No, I make no complaint about individual BBC comedians (other than when they are horribly unfunny – which most of them are). Jo Brand is, sometimes, when she is not being over political, quite amusing. I would be appalled if Mr Farage and Mrs May succeeded in removing her from the air waves. But, of course, I know they could never succeed in doing that. The complaint made against Ms Brand is that she upset someone on the right in politics. That is not a complaint that the BBC would ever take seriously. Those on the right (and I would add the hard left) deserve everything they get, according to most BBC employees. But I stress that that doesn’t concern me. It would be dreadful if Ms Brand were to be prevented from making her sometimes rather silly left wing jokes just because the BBC is meant to be unbiased. Politics can’t be removed from comedy. She has every right to churn out her rather dreary establishment opinions masquerading as jokes, and, occasionally, she can be quite funny when doing so.

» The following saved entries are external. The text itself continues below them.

(* With the notation of the context, for every $\rho\in(-1,1)$ we have $D\le p\le G$ and $$V_D(x_0,s_0,\lambda)\le V(x_0,s_0,\lambda)\le V_G(x_0,s_0,\lambda).$$
   Context: Fix $T>0$, $r,\nu,\mu,x_0\in\mathbb R$, $\eta>0$, $\sigma>0$, $\rho\in(-1,1)$, $s_0>0$, $\lambda>0$, $\gamma>0$; $N$ is a standard Gaussian random variable; $W$ is the Lambert function (inverse of $x\in(-1,\infty)\mapsto xe^x$). Let $\theta=\lambda\gamma(1-\rho^2)$, $w=W\left(s_0\eta^2Te^{(\nu-\eta\rho\frac{\mu-r}{\sigma}-\frac{\eta^2}{2})T}\theta\right)$, $$D=\frac{\lambda e^{-rT}}{\theta\eta^2T}w\left(1+\frac w2\right),\qquad G=\frac{\lambda e^{-rT}}{\theta}\frac{w}{\eta^2T}\left(e^{\frac{\eta^2}{2}T}+\frac w2\right).$$ The asking reservation price of $\lambda$ units of the non-traded stock and the associated value function are $$p=-\frac{e^{-rT}}{\gamma(1-\rho^2)}\ln\mathbb E\exp\left(-\theta s_0e^{(\nu-\eta\rho\frac{\mu-r}{\sigma}-\frac{\eta^2}{2})T}e^{\eta\sqrt TN}\right),\qquad V(x_0,s_0,\lambda)=-\frac1\gamma\exp\left(-\gamma e^{rT}(x_0+p)-\frac{(\mu-r)^2}{2\sigma^2}T\right),$$ (model: non-traded $dS=S(\nu dt+\eta dZ)$, traded $dP=P(\mu dt+\sigma dB)$, correlation $\rho$, bond rate $r$, utility $-\frac1\gamma e^{-\gamma x}$), and for $X\in\{D,G\}$, $$V_X(x_0,s_0,\lambda)=-\frac1\gamma\exp\left(-\gamma e^{rT}(x_0+X)-\frac{(\mu-r)^2}{2\sigma^2}T\right).$$ *)

From HB Require Import structures.
From mathcomp Require Import all_boot all_order all_algebra.
From mathcomp Require Import all_classical all_reals all_analysis.
Set Implicit Arguments. Unset Strict Implicit. Unset Printing Implicit Defensive.
Import Order.TTheory GRing.Theory Num.Theory.
Import numFieldNormedType.Exports.
Local Open Scope classical_set_scope.
Local Open Scope ring_scope.

Section Defs.
Variable R : realType.

(* Lambert function W : inverse of x \in (-1, oo) |-> x e^x
   (used only at positive arguments, where the preimage is unique). *)
Definition LambertW (y : R) : R :=
  xget 0 [set w : R | -1 < w /\ w * expR w = y].

Definition std_gauss_expect (f : R -> R) : R :=
  fine (\int[normal_prob (0:R) 1]_x (f x)%:E)%E.

Definition drift (nu eta rho mu r sigma : R) : R :=
  nu - eta * rho * ((mu - r) / sigma) - eta ^+ 2 / 2.

Definition theta (lambda gamma rho : R) : R := lambda * gamma * (1 - rho ^+ 2).

Definition w_Lambert (T r nu mu eta sigma rho s0 lambda gamma : R) : R :=
  LambertW (s0 * eta ^+ 2 * T * expR (drift nu eta rho mu r sigma * T)
            * theta lambda gamma rho).

Definition D_bound (T r nu mu eta sigma rho s0 lambda gamma : R) : R :=
  let w := w_Lambert T r nu mu eta sigma rho s0 lambda gamma in
  lambda * expR (- r * T) / (theta lambda gamma rho * eta ^+ 2 * T)
    * w * (1 + w / 2).

Definition G_bound (T r nu mu eta sigma rho s0 lambda gamma : R) : R :=
  let w := w_Lambert T r nu mu eta sigma rho s0 lambda gamma in
  lambda * expR (- r * T) / theta lambda gamma rho * (w / (eta ^+ 2 * T))
    * (expR (eta ^+ 2 / 2 * T) + w / 2).

Definition price (T r nu mu eta sigma rho s0 lambda gamma : R) : R :=
  - (expR (- r * T) / (gamma * (1 - rho ^+ 2)))
  * ln (std_gauss_expect (fun x =>
          expR (- (theta lambda gamma rho * s0
                   * expR (drift nu eta rho mu r sigma * T)
                   * expR (eta * Num.sqrt T * x))))).

Definition value_fun (T r mu sigma gamma x0 X : R) : R :=
  - (1 / gamma) * expR (- gamma * expR (r * T) * (x0 + X)
                        - (mu - r) ^+ 2 / (2 * sigma ^+ 2) * T).

End Defs.

From HB Require Import structures.
From mathcomp Require Import all_boot all_order all_algebra.
From mathcomp Require Import all_classical all_reals all_analysis.
From mathcomp Require Import measurable_realfun charge ring lra.
Import Order.TTheory GRing.Theory Num.Theory.
Import numFieldNormedType.Exports.
Local Open Scope ring_scope.

(* Write c := theta s0 e^{drift T} and s := eta sqrt T. Then p = -K ln L with
   K := e^{-rT} / (gamma (1 - rho^2)) and L := E[exp(-c e^{sN})], the Laplace
   transform of a lognormal variable.  If w e^w = c s^2, a := w / s^2 and
   t := w / s, then D = K a (1 + w/2) and G = K a (e^{s^2/2} + w/2), so the
   theorem amounts to  e^{-a (e^{s^2/2} + w/2)} <= L <= e^{-a (1 + w/2)}.
   Upper bound: the tangent of exp at w gives c e^{sx} = a e^{w + sx}
   >= a (1 + w) + t x, hence L <= e^{-a (1 + w)} E[e^{-tN}].
   Lower bound: under the law tilted by e^{-tN}, y := N + t is standard
   Gaussian and L = e^{-t^2/2} E~[exp(-(a e^{sy} - t y))], so Jensen's
   inequality gives the bound.  To use only Gaussian integrals of
   exponentials, t y is replaced by the smaller t (1 - e^{-eps y}) / eps and
   eps -> 0.  The value functions are increasing in the cash amount. *)

Section normal_expectation.
Context {R : realType}.
Local Notation mu := (@lebesgue_measure R).
Local Notation P := (@normal_prob R 0 1).
From mathcomp Require Import all_boot zify.
From mathcomp Require Import boolp classical_sets cardinality.
Local Open Scope classical_set_scope.
Local Open Scope card_scope.
Set Implicit Arguments. Unset Strict Implicit. Unset Printing Implicit Defensive.

(* Both inequalities are witnessed by explicit families of the same size.

   Given an omega-splitting family H, take for each A in H the set of initial segments of
   its characteristic function.  A countable subfamily of Spl is covered by countably many
   sets S(B); if A splits all of these B, every long initial segment of A takes both values
   on B, so it meets each S(B) in a finite set.

   Given a non*_omega family F, Koenig's lemma turns each G in F into a comb: a branch y
   (the spine) and nodes tooth(t) in G agreeing with y below cut(t), of length less than
   cut(t+1).  If y is eventually constant on an infinite C and G is almost disjoint from
   the sets S(C minus k), then almost every span [cut(t), |tooth(t)|) meets C, so the union
   of the even spans splits C.  Either the spines form an omega-splitting family, or some
   sequence B_n defeats them; then for some n the even-span sets, pulled back along an
   enumeration e_n of B_n, form one.  Otherwise there are witnesses D_(n,m) against these,
   and a G in F almost disjoint from all S(e_n[D_(n,m)] minus k) has a spine that is
   eventually constant on some B_n, so its even spans split every e_n[D_(n,m)]: a
   contradiction. *)

Lemma finite_natP (A : set nat) : finite_set A <-> exists N, A `<=` `I_N.
Proof.
split=> [/finite_fsetP[X ->]|[N AN]]; last exact: sub_finite_set AN (finite_II N).
exists (\max_(y <- finmap.enum_fset X) y).+1 => x /= Xx.
by rewrite ltnS (leq_bigmax_seq (F := id) x Xx).
Qed.

Lemma infinite_natP (A : set nat) : infinite_set A <-> forall N, exists2 x, A x & N <= x.
Proof.
rewrite finite_natP; split=> [nbd N|unbd [N AN]].
  apply: contrapT => /forall2NP nbig; apply: nbd; exists N => x Ax.
  by case: (nbig x) => // /negP; rewrite /= ltnNge.
by have [x /AN /=] := unbd N; rewrite ltnNge => /negP.
Qed.

Lemma infinite_setI_ge (C : set nat) k :
  infinite_set C -> infinite_set (C `&` [set i | k <= i]).
Proof.
move=> Cinf; apply: infinite_setIl => //.
by apply: sub_finite_set (finite_II k) => i /= /negP; rewrite -ltnNge.
Qed.

Lemma infinite_set_enum (T : pointedType) (B : set T) :
  infinite_set B -> exists e : nat -> T, injective e /\ forall k, B (e k).
Proof.
move=> /infiniteP/pcard_leP/injfunPex[e eB einj].
by exists e; split=> [m n|k]; [apply: einj; rewrite inE | exact: eB].
Qed.

Lemma splits_infinite (A B : set nat) : splits A B -> infinite_set A.
Proof. by case=> BAinf _; apply: sub_infinite_set BAinf; exact: subIsetr. Qed.

Lemma splits_preimage (e : nat -> nat) (A D : set nat) :
  splits A (e @` D) -> splits (e @^-1` A) D.
Proof.
by case=> inA outA; split=> fin; [apply: inA | apply: outA];
  apply: sub_finite_set (finite_image e fin) => _ [[x Dx <-] Ax]; exists x.
Qed.

Definition ev_const_on (y : nat -> bool) (B : set nat) : Prop :=
  exists k0 b, forall i, B i -> k0 <= i -> y i = b.

Lemma ev_const_onS (y : nat -> bool) (B C : set nat) :
  C `<=` B -> ev_const_on y B -> ev_const_on y C.
Proof. by move=> CB [k0 [b yb]]; exists k0, b => i /CB; exact: yb. Qed.

Lemma not_splits_ev_const (y : nat -> bool) (B : set nat) :
  ~ splits [set i | y i] B -> ev_const_on y B.
Proof.
move=> /not_andP[] /contrapT /finite_natP[N BN]; [exists N, false | exists N, true].
  by move=> i Bi Ni; apply/negbTE/negP => yi; move: (BN i (conj Bi yi)); rewrite /= ltnNge Ni.
by move=> i Bi Ni; apply: contrapT => nyi; move: (BN i (conj Bi nyi)); rewrite /= ltnNge Ni.
Qed.

Lemma omega_splitting_countable (H : set (set nat)) T (I : set T) (An : T -> set nat) :
  omega_splitting H -> countable I -> (forall j, I j -> infinite_set (An j)) ->
  exists2 A, H A & forall j, I j -> splits A (An j).
Proof.
case=> _ Hsplit /pfcard_geP[->|/surjfunPex[g Ig]] Ainf.
  by have [A HA _] := Hsplit (fun=> setT) (fun=> infinite_nat); exists A.
have [k|A HA Asplit] := Hsplit (An \o g); first by apply: Ainf; rewrite Ig; exists k.
by exists A => // j; rewrite Ig => -[k _ <-]; exact: Asplit.
Qed.

Definition char_prefix (A : set nat) (n : nat) : seq bool := mkseq (fun i => `[< A i >]) n.

Definition branch_set (A : set nat) : set (seq bool) := range (char_prefix A).

Lemma branch_set_infinite (A : set nat) : infinite_set (branch_set A).
Proof.
rewrite /branch_set (eq_finite_set (inj_card_eq _)); first exact: infinite_nat.
by move=> m n _ _ /(congr1 size); rewrite !size_mkseq.
Qed.

Lemma branch_set_S_finite (A B : set nat) :
  B `&` A !=set0 -> B `\` A !=set0 -> finite_set (S_set B `&` branch_set A).
Proof.
move=> [b1 [Bb1 Ab1]] [b2 [Bb2 nAb2]].
apply: sub_finite_set (finite_image (char_prefix A) (finite_II (maxn b1 b2).+1)).
move=> s [cst [n _ sn]]; rewrite -sn in cst *; exists n => //=; rewrite ltnNge; apply/negP => long.
have [lt1 lt2] : b1 < n /\ b2 < n by lia.
move: (cst b1 b2 Bb1 Bb2); rewrite size_mkseq !nth_mkseq // asboolT // => /(_ lt1 lt2).
by move/esym/asboolP.
Qed.

Lemma omega_splitting_nonstar (H : set (set nat)) :
  omega_splitting H -> nonstar_omega_family Spl (branch_set @` H).
Proof.
move=> Hsplit; split=> [_ [A _ <-]|Abar Abar_cnt AbarSpl]; first exact: branch_set_infinite.
have /choice[d dP] : forall X, exists d : nat * (nat -> set nat), Spl X ->
    (forall i, i < d.1 -> infinite_set (d.2 i)) /\
    X `<=` [set s | exists2 i, i < d.1 & S_set (d.2 i) s].
  move=> X; case: (pselect (Spl X)) => [[n [Af XAf]]|nX]; first by exists (n, Af).
  by exists (0, fun=> setT).
pose I := [set p : set (seq bool) * nat | Abar p.1 /\ p.2 < (d p.1).1].
have I_cnt : countable I.
  apply: sub_countable (countableX Abar_cnt (countableP [set: nat])).
  by apply: subset_card_le => p [].
have [A HA Asplit] := omega_splitting_countable
  (An := fun p => (d p.1).2 p.2) Hsplit I_cnt
  (fun p '(conj Xp ip) => (dP _ (AbarSpl _ Xp)).1 _ ip).
exists (branch_set A) => [|X AbarX]; first by exists A.
have [_ Xcover] := dP X (AbarSpl X AbarX).
apply: (@sub_finite_set _ _ (\bigcup_(i in `I_(d X).1) (S_set ((d X).2 i) `&` branch_set A))).
  by move=> s [/Xcover[i ilt Ss] bs]; exists i.
apply: bigcup_finite => [|i ilt]; first exact: finite_II.
have [/infinite_setN0 BA /infinite_setN0 BnA] := Asplit (X, i) (conj AbarX ilt).
exact: branch_set_S_finite.
Qed.

Lemma finite_seq_size_le (T : finType) (n : nat) : finite_set [set s : seq T | size s <= n].
Proof.
apply: (@sub_finite_set _ _ (\bigcup_(k in `I_n.+1) (val @` [set: k.-tuple T]))).
  by move=> s sn; exists (size s) => //=; exists (in_tuple s).
apply: bigcup_finite => [|k _]; first exact: finite_II.
exact/finite_image/finite_finset.
Qed.

Definition agrees (n : nat) (y : nat -> bool) (s : seq bool) : Prop :=
  forall i, i < n -> i < size s -> nth false s i = y i.
Lemma feas_xd0_iff x0 xu xd :
  (forall k, xd k = 0) /\
    (exists al be ll lu LL LU u1 u2, feasP x0 xu xd al be ll lu LL LU u1 u2) <->
  exists al be ll lu LL LU w,
    (forall u, w u = 0 \/ w u = 1) /\ milp_system x0 xu xd al be ll lu LL LU w.
Proof.
have de0 := deta_ge0 hetad0 hetad1 hetac1.
split.
  move=> [xd0 [al [be [ll [lu [LL [LU [u1 [u2 /feasPE [haf [hg [hh _]]]]]]]]]]]].
  exists al, be, ll, lu, LL, LU,
    (fun u => match u with inl k => (u1 k)%:R | inr k => (u2 k)%:R end).
  split; first by case=> k; apply: bool_binary.
  by split=> //; split; [exact: hg | split; [exact: hh | move=> k; rewrite xd0]].
move=> [al [be [ll [lu [LL [LU [w [w01 [haf [hg [hh xd_le0]]]]]]]]]]].
have xd0 k : xd k = 0.
  by apply/eqP; rewrite eq_le xd_le0; have [/(_ k) [_ [-> _]]] := haf.
pose u1 k := w (inl k) == 1; pose u2 k := w (inr k) == 1.
have w1E : (fun k => w (inl k)) = (fun k => (u1 k)%:R).
  by apply/funext => k; rewrite binary_natr.
have w2E : (fun k => w (inr k)) = (fun k => (u2 k)%:R).
  by apply/funext => k; rewrite binary_natr.
rewrite w1E w2E in hg hh.
split=> //; exists al, be, ll, (fun _ => 0), LL, LU, u1, u2; apply/feasPE.
split.
  apply: (cstr_af_lower_lu hgamma _ _ haf) => k.
    by rewrite lexx; have [/(_ k) [_ [_ [_ ->]]]] := haf.
  have [_ [_ [_ [_ [_ [_ [_ /(_ k) [f1 _]]]]]]]] := haf.
  by rewrite xd0 sub0r subr0 mulrN.
split=> //; split=> k l lt_lk /=.
  have := hh k l lt_lk; have := hg l (lt_ord_succ lt_lk); rewrite /= xd0.
  exact: cstr_h_xd0.
by rewrite xd0; apply: cstr_i_lu0.
Qed.

Lemma feas_x0_le0_iff x0 xu xd :
  (forall k, x0 k <= 0) /\
    (exists al be ll lu LL LU u1 u2, feasP x0 xu xd al be ll lu LL LU u1 u2) <->
  exists al be ll lu LL LU,
    lp_system x0 xu xd al be ll lu LL LU /\ forall k, x0 k <= 0.
Proof.
split.
  move=> [x0_le0 [al [be [ll [lu [LL [LU [u1 [u2 /feasPE [haf [hg [hh _]]]]]]]]]]]].
  exists al, be, ll, lu, LL, LU; split=> //; split=> // k l lt_lk.
  have [/(_ l) [_ [xd_ge0 _]] _] := haf.
  exact: cstr_h_x0_le0 hxlo hxhi (deta_ge0 hetad0 hetad1 hetac1) (x0_le0 l) xd_ge0
    (hg l (lt_ord_succ lt_lk)) (hh k l lt_lk).
move=> [al [be [ll [lu [LL [LU [[haf hh] x0_le0]]]]]]].
have [hs [_ [ha _]]] := haf.
have xd_ge0 l : 0 <= xd l by have [_ []] := hs l.
have xlo_le l : xlo <= x0 l - xd l by have [] := ha l.
pose M := - xlo / etad.
have M0 : 0 <= M by apply: divr_ge0; [rewrite oppr_ge0 | exact: ltW].
have xd_le l : xd l / etad <= M /\ etac * xd l <= M.
  exact: xd_le_cap hetad0 hetad1 hetac1 hxlo (x0_le0 l) (xd_ge0 l) (xlo_le l).
have hh' := cstr_h_all_cap_lu (fun l => (xd_le l).1) (fun l => (xd_le l).2) hh.
split=> //; exists al, be, ll, (fun k => Num.min (lu k) M), LL, LU,
  (fun _ => false), (fun _ => true); apply/feasPE.
split; first exact: cstr_af_cap_lu hgamma M0 (fun l => (xd_le l).2) haf.
split; first by move=> k _; apply: cstr_g_x0_le0.
split=> // k l lt_lk; have [_ [_ [_ h4]]] := hh' k l lt_lk.
have lu_ge0 : 0 <= lu k by have [_ [_ []]] := hs k.
apply: cstr_i_x0_le0 => //.
- by have := xlo_le l; have := xd_ge0 l; lra.
- by rewrite le_min lu_ge0.
- by rewrite ge_min lexx orbT.
- have : etac * x0 l <= 0 by rewrite pmulr_rle0.
  by move: h4; rewrite /= subrr !mul0r subr0; lra.
Qed.

Lemma feas_K1_iff x0 xu xd : K = 1%N ->
  True /\ (exists al be ll lu LL LU u1 u2, feasP x0 xu xd al be ll lu LL LU u1 u2) <->
  exists al be ll lu LL LU, lp_system x0 xu xd al be ll lu LL LU.
Proof.
move=> K1.
have no_pair (k l : 'I_K) : ~ (l < k)%N.
  by have := ltn_ord k; rewrite {2}K1 ltnS leqn0 => /eqP ->.
have no_succ (k : 'I_K) : ~ (k.+1 < K)%N by rewrite {2}K1 ltnS leqn0.
split.
  move=> [_ [al [be [ll [lu [LL [LU [u1 [u2 /feasPE [haf _]]]]]]]]]].
  by exists al, be, ll, lu, LL, LU; split=> // k l /no_pair.
move=> [al [be [ll [lu [LL [LU [haf _]]]]]]].
split=> //; exists al, be, ll, lu, LL, LU, (fun _ => false), (fun _ => false).
by apply/feasPE; split=> //; split; [|split] => k => [/no_succ|l /no_pair|l /no_pair].
Qed.

Lemma feas_unit_eff_iff x0 xu xd : etac = 1 -> etad = 1 ->
  True /\ (exists al be ll lu LL LU u1 u2, feasP x0 xu xd al be ll lu LL LU u1 u2) <->
  exists al be ll lu LL LU, lp_system x0 xu xd al be ll lu LL LU.
Proof.
move=> etac1 etad1.
have de0 : deta etac etad = 0 by rewrite /deta etac1 etad1 invr1 subrr.
split.
  move=> [_ [al [be [ll [lu [LL [LU [u1 [u2 /feasPE [haf [_ [hh _]]]]]]]]]]]].
  exists al, be, ll, lu, LL, LU; split=> // k l lt_lk.
  exact: cstr_h_deta0 de0 (hh k l lt_lk).
move=> [al [be [ll [lu [LL [LU [haf hh]]]]]]].
have [hs [_ [ha _]]] := haf.
have xd_ge0 l : 0 <= xd l by have [_ []] := hs l.
have xlo_le l : xlo <= x0 l - xd l by have [] := ha l.
have x0_le l : x0 l <= xhi by have [? _] := ha l; have [? _] := hs l; lra.
pose M := xhi - xlo.
have M0 : 0 <= M by rewrite /M subr_ge0 (le_trans hxlo hxhi).
have xd_le l : xd l <= M by have := xlo_le l; have := x0_le l; rewrite /M; lra.
have xd_le' l : etac * xd l <= M by rewrite etac1 mul1r.
have xd_div l : xd l / etad <= M by rewrite etad1 divr1.
have hh' := cstr_h_all_cap_lu xd_div xd_le' hh.
split=> //; exists al, be, ll, (fun k => Num.min (lu k) M), LL, LU,
  (fun k => 0 <= x0 k - xd k), (fun k => x0 k <= 0); apply/feasPE.
split; first exact: cstr_af_cap_lu hgamma M0 xd_le' haf.
split; first by move=> k _; apply: cstr_g_sign.
split; first by move=> k l lt_lk; apply: cstr_h_deta0 de0 (hh' k l lt_lk).
move=> k l lt_lk; have [h1 [h2 _]] := hh' k l lt_lk.
have lu_ge0 : 0 <= lu k by have [_ [_ []]] := hs k.
rewrite de0 etad1 !divr1 !mulr0 !mul0r !addr0 in h1 h2.
apply: cstr_i_sign => //.
- by rewrite le_min lu_ge0.
- by rewrite ge_min lexx orbT.
Qed.
(* Let $q$ be a prime power, $e\in\{0,1,2\}$, $r$ an integer ($r$ odd if $e\in\{0,2\}$, $r$ even if $e=1$), and let $\{\Sigma_1,\dots,\Sigma_{N+1}\}$, $N=q^{\frac{r+e+1}{2}}$, be a spread of a non-degenerate quadric $\mathcal Q_{r+2,e}$ of ${\rm PG}(r+2,q)$ with associated polarity $\perp$. Fix a point $P\in\Sigma_{N+1}$ and a hyperplane $\mathcal U\cong{\rm PG}(r+1,q)$ of ${\rm PG}(r+2,q)$ with $P\notin\mathcal U$. Put $H=\mathcal U\cap P^\perp$ (an $r$-space, a hyperplane of $\mathcal U$), and $S_i=\langle P,\Sigma_i\rangle\cap\mathcal U$ for $i=1,\dots,N$. Then $\mathcal P=\{S_1,\dots,S_N\}$ is a hyperbolic, parabolic or elliptic avsp of $\mathcal U$ (with respect to the hyperplane $H$ and the quadric $\mathcal Q_{r,e}=H\cap\mathcal Q_{r+2,e}$, with fixed generator $\Pi=\Sigma_{N+1}\cap H$), according as $e=0,1,2$ respectively.
   Context: Notation: $\mathcal Q_{m,e}$ denotes a non-degenerate quadric of ${\rm PG}(m,q)$ which is hyperbolic $\mathcal Q^+(m,q)$ if $e=0$ ($m$ odd), parabolic $\mathcal Q(m,q)$ if $e=1$ ($m$ even), elliptic $\mathcal Q^-(m,q)$ if $e=2$ ($m$ odd). The polarity $\perp$ associated with the quadric is the one defined by the polar (bilinear) form of the quadratic form; for a point $P$ of the quadric, $P^\perp$ is its tangent hyperplane. A generator of $\mathcal Q_{m,e}$ is a projective subspace of maximal dimension contained in it; generators are $\frac{m-e-1}{2}$-dimensional. A spread of $\mathcal Q_{m,e}$ is a set of $q^{\frac{m+e-1}{2}}+1$ pairwise disjoint generators. An $s$-space means an $s$-dimensional projective subspace. Affine vector space partition (avsp): given a hyperplane $H$ of ${\rm PG}(r+1,q)$, an avsp (with respect to $H$) is a set $\mathcal P$ of subspaces, none contained in $H$, such that every point of ${\rm PG}(r+1,q)\setminus H$ lies in exactly one member of $\mathcal P$. Hyperbolic/parabolic/elliptic avsp: with $e=0,1,2$ respectively, an avsp $\mathcal P=\{S_1,\dots,S_N\}$ of ${\rm PG}(r+1,q)$ with respect to $H$, where $N=q^{\frac{r+e+1}{2}}$ and every $S_i$ is a $\frac{r-e+1}{2}$-space, such that the sets $\Pi_i=S_i\cap H$ are $N$ generators of a non-degenerate quadric $\mathcal Q_{r,e}\subset H$ with: (1) each $\Pi_i$ disjoint from a fixed generator $\Pi$ of $\mathcal Q_{r,e}$; (2) distinct $S_i,S_j$ meet in at most one point, and distinct $\Pi_i,\Pi_j$ meet in at most one point; (3) if $|\Pi_i\cap\Pi_j|=1$, then $\langle S_i,S_j\rangle\cap\mathcal Q_{r,e}$ is a non-degenerate hyperbolic quadric $\mathcal Q^+(r-e,q)$. *)

From HB Require Import structures.
From mathcomp Require Import all_boot all_order all_algebra all_field.
Set Implicit Arguments. Unset Strict Implicit. Unset Printing Implicit Defensive.
Import GRing.Theory.
Local Open Scope ring_scope.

But should every BBC panel and comedy programme be populated only by those whose political opinions are centre-left establishment? Many in the BBC think it is impossible for Conservatives or hard left Labour people to be remotely amusing. Every intelligent person, the standard BBC chap thinks, hates right and hard left politicians and therefore all the jokes can be aimed at them. Only establishment people have correct opinions (Ian Hislop – whose Private Eye magazine doesn’t suffer from his cringing adoration of the centre-left on the BBC – is a prime example of someone who can never accept, when on the BBC, that the establishment could possibly be wrong about anything).

My guess is that the presenter of the Radio 4 programme would have seen how unsatisfactory is the BBC’s insistence that only mildly left wing comedians and panelists should appear on the air waves. But perhaps others heard the programme and can tell me.